When one pays a so-called "fee" for a transaction, it's not really a fee at all. It's a bid! It's simply bidding for space in the next available block.
So-called miners are the entities auctioning block-space to the highest bidders.
I've been wondering why there has been so much confusion surrounding the whole "increasing the block-space" thing, and I think it at least partly boils down to a highly misleading nickname. They're not fees, they're bids!
The way I understand it, every time a new block is discovered, an auction occurs and individual kilobytes of that block are auctioned off to the highest bidders. However, at the moment there's a problem because it seems like such a crappy opaque process with very little market transparency. This needs to be improved. Before requesting any transaction, I want to know the "going rate" and the estimated delivery time depending on how much i BID.
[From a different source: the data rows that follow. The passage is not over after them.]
(* Let $X$ be a proper geodesic metric space with a free, proper, cocompact, isometric action of a finitely generated group $\Gamma$ (with fixed finite symmetric generating set $S$), and let $P$ be a space with a proper $\Gamma$-action. If $p:P\to\mathbb{R}^N$ is a proper map satisfying the Displacement Bound Condition $\|p(z)-p(\gamma z)\|\le\|\gamma\|_S$ for all $z\in P$, $\gamma\in\Gamma$, then there exists a continuous map $\alpha:X\times P\to\mathbb{R}^N$ satisfying: (L1) $\alpha$ is invariant under the diagonal $\Gamma$-action on $X\times P$; (L2) $\alpha|_{\{x\}\times P}$ is proper for every $x\in X$; (L3) $\alpha|_{X\times\{z\}}$ is 1-Lipschitz for every $z\in P$.
   Context: $\|\gamma\|_S$ denotes the word length of $\gamma$ with respect to $S$. *)

From HB Require Import structures.
From mathcomp Require Import all_boot all_order all_algebra.
From mathcomp Require Import all_classical all_reals all_analysis.
From mathcomp Require monoid.

Set Implicit Arguments. Unset Strict Implicit. Unset Printing Implicit Defensive.
Import Order.TTheory GRing.Theory Num.Theory numFieldNormedType.Exports.
Local Open Scope classical_set_scope.
Local Open Scope ring_scope.

Section Defs.

Variable G : monoid.Group.type.

Local Notation gmul := (@monoid.mul G).
Local Notation gone := (@monoid.one G).
Local Notation ginv := (@monoid.inv G).

Definition word_prod (w : seq G) : G := foldr gmul gone w.

Definition is_word (S : set G) (g : G) (w : seq G) : Prop :=
  (forall i, (i < size w)%N -> S (nth gone w i)) /\ word_prod w = g.

Definition finite_symmetric_generating (S : set G) : Prop :=
  [/\ finite_set S, (forall s, S s -> S (ginv s)) & forall g, exists w, is_word S g w].

(* word length ||g||_S : the least length of a word in S representing g
   (0 by convention if no such word exists, which never happens for a generating set) *)
Definition word_length (S : set G) (g : G) : nat :=
  match pselect (exists n, `[< exists w, is_word S g w /\ size w = n >]) with
  | left h => ex_minn h
  | right _ => 0%N
  end.

Definition is_action (T : Type) (act : G -> T -> T) : Prop :=
  (forall x, act gone x = x) /\ (forall g h x, act (gmul g h) x = act g (act h x)).

Definition proper_action (T : topologicalType) (act : G -> T -> T) : Prop :=
  forall K : set T, compact K -> finite_set [set g | (act g @` K) `&` K !=set0].

Definition cocompact_action (T : topologicalType) (act : G -> T -> T) : Prop :=
  exists K : set T, compact K /\ forall x, exists g, (act g @` K) x.

Definition free_action (T : Type) (act : G -> T -> T) : Prop :=
  forall g x, act g x = x -> g = gone.

End Defs.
Agree? Disagree? Please discuss.
Technically: I agree.
Otherwise: I disagree, because if you look at the satoshi client as a whole, much of the terminology is based on how the real world used to think about money:
Wallet instead of keychain
Address instead of publickey(hash)
and therefor also fee instead of "bids that the miners accept to get your transactions into the magical blockchain-voodoo stuff *techbabble continues*".
I think that its easier to get people to use bitcoin, because the terminology is similar to what people are used to when they talk about cash. maybe its a bit off to call it fees, but it greatly eases the _basic_ understanding of whats its doing.